__Recorded data__.
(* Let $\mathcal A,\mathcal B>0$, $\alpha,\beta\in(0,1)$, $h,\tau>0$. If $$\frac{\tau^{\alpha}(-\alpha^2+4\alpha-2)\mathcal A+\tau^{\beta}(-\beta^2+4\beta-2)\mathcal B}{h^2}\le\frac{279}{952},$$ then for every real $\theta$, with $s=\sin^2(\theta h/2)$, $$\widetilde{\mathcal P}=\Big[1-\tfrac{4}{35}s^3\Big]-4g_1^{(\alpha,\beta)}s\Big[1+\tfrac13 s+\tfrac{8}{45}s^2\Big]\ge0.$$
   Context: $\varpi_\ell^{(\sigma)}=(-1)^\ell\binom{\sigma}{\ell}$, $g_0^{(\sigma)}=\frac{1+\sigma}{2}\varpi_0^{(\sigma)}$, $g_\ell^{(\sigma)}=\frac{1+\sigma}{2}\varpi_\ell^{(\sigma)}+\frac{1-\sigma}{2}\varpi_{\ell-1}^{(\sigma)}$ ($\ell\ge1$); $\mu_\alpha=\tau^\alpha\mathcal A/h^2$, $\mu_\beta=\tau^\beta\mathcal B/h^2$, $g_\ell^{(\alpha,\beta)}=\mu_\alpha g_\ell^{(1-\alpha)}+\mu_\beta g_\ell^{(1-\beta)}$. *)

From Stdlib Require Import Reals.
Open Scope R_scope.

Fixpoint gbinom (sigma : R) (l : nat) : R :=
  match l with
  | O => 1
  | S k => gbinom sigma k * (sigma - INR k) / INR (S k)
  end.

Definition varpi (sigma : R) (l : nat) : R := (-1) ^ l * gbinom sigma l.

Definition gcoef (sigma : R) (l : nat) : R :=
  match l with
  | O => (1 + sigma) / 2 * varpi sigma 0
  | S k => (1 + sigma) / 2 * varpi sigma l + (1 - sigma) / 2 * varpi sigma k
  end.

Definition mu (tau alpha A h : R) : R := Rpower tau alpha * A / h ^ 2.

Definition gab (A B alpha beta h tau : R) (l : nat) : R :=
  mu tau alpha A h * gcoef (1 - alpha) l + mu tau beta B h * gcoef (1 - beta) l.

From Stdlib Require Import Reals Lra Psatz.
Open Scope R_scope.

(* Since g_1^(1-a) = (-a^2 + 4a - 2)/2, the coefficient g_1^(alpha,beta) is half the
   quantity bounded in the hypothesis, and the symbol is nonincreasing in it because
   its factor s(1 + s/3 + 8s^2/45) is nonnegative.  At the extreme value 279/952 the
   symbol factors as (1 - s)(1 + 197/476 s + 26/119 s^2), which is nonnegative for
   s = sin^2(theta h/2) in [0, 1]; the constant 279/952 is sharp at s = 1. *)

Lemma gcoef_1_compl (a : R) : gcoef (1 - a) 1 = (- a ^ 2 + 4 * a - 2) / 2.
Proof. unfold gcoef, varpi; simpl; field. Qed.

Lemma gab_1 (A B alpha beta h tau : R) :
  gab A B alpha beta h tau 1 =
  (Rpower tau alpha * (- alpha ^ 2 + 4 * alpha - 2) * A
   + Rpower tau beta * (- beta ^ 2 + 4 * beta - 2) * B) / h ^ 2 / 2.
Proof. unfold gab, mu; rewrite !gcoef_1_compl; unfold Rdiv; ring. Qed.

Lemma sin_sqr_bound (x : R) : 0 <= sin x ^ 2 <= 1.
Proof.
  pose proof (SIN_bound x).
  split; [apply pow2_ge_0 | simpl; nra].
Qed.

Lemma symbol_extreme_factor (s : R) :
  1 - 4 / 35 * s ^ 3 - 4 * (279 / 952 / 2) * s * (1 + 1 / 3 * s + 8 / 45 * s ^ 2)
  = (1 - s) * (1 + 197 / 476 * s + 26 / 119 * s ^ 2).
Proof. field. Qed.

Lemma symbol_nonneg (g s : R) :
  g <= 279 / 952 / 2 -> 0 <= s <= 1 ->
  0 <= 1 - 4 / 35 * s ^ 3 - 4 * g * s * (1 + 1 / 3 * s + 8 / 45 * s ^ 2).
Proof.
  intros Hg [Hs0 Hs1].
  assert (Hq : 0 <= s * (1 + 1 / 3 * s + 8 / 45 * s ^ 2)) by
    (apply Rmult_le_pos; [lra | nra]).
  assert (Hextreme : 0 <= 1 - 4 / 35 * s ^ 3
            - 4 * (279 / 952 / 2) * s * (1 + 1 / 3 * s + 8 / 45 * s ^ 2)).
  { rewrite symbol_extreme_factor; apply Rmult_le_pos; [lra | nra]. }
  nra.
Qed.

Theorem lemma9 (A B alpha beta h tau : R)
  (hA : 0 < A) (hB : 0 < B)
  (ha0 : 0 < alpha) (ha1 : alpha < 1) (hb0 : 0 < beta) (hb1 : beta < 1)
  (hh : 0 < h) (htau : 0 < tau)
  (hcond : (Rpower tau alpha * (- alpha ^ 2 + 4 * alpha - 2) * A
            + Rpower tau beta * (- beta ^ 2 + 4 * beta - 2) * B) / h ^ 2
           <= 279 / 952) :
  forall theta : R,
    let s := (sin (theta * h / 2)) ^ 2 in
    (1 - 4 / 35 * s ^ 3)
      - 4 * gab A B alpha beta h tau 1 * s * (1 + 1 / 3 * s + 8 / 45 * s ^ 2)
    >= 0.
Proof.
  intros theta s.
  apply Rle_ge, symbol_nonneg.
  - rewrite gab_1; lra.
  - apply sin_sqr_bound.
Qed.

---

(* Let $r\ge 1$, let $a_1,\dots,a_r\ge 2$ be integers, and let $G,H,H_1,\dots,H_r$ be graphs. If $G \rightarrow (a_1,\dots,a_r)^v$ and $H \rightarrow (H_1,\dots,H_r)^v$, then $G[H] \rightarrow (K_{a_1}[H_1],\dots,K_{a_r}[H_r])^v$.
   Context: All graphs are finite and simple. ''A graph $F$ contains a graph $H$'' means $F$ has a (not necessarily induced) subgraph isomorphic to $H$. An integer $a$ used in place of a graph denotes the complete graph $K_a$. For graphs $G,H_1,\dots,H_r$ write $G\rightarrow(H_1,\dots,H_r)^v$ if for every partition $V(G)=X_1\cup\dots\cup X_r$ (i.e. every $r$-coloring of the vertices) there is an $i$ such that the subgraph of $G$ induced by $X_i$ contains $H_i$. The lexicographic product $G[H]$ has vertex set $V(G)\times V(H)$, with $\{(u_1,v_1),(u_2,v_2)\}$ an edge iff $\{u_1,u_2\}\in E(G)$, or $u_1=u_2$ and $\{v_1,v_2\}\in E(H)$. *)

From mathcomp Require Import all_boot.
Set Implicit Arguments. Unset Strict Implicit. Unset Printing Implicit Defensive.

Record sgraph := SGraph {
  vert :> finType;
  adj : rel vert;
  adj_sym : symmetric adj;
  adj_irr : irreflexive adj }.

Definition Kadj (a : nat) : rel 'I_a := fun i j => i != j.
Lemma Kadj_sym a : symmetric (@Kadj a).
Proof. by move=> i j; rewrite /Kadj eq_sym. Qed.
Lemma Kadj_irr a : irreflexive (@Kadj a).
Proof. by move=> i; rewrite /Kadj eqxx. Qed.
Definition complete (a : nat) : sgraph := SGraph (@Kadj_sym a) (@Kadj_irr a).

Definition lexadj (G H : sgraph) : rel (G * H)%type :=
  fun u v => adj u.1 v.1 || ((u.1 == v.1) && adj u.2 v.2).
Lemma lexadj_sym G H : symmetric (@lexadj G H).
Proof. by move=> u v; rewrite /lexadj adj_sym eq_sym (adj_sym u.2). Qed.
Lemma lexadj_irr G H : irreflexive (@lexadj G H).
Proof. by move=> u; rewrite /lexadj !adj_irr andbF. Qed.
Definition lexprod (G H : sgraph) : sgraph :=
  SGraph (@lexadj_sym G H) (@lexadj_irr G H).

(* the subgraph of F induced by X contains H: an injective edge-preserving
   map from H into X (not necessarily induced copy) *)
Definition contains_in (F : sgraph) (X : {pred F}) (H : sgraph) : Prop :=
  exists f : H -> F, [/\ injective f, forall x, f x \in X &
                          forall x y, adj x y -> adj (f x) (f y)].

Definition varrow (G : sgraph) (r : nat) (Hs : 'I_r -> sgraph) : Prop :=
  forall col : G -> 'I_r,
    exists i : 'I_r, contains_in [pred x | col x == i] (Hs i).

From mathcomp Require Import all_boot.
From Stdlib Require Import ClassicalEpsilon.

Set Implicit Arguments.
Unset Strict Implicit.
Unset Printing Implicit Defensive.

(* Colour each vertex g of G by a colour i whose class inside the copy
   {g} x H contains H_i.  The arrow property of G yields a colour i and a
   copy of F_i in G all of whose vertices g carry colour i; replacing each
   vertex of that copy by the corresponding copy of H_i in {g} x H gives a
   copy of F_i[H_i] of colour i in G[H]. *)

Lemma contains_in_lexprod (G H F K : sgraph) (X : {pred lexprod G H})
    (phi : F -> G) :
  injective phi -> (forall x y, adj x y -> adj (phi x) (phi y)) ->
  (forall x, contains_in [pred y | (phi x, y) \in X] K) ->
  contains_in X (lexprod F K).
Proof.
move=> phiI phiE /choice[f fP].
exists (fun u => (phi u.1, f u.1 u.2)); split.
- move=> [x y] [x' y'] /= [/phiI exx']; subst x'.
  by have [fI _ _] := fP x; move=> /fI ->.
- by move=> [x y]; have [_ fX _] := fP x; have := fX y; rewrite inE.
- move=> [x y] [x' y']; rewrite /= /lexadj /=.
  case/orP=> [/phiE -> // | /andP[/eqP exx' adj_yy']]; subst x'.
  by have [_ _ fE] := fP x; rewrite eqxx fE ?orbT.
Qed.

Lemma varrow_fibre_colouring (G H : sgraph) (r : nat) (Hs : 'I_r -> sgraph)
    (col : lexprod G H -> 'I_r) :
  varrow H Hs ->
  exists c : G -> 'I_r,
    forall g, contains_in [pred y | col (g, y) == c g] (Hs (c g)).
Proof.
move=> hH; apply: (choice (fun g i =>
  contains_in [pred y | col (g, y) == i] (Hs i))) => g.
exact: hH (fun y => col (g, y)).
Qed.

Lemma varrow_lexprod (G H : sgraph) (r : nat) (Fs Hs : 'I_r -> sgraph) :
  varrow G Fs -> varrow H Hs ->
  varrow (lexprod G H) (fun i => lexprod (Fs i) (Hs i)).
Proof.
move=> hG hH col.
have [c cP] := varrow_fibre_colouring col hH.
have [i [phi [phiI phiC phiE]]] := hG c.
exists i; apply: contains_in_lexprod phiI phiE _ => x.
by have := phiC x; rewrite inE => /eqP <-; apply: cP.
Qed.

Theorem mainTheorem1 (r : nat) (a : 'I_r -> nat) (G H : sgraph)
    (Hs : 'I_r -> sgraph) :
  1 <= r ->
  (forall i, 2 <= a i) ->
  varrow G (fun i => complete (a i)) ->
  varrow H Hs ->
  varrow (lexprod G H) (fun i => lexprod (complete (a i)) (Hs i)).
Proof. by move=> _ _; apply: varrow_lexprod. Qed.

__Your assignment__. What you return should be exactly the lines above, starting at the one with "have [i [phi [phiI phiC phiE]]] := hG c." and ending at the one with "Proof. by move=> _", and nothing else.

__Result below__.
have [i [phi [phiI phiC phiE]]] := hG c.
exists i; apply: contains_in_lexprod phiI phiE _ => x.
by have := phiC x; rewrite inE => /eqP <-; apply: cP.
Qed.

Theorem mainTheorem1 (r : nat) (a : 'I_r -> nat) (G H : sgraph)
    (Hs : 'I_r -> sgraph) :
  1 <= r ->
  (forall i, 2 <= a i) ->
  varrow G (fun i => complete (a i)) ->
  varrow H Hs ->
  varrow (lexprod G H) (fun i => lexprod (complete (a i)) (Hs i)).
Proof. by move=> _ _; apply: varrow_lexprod. Qed.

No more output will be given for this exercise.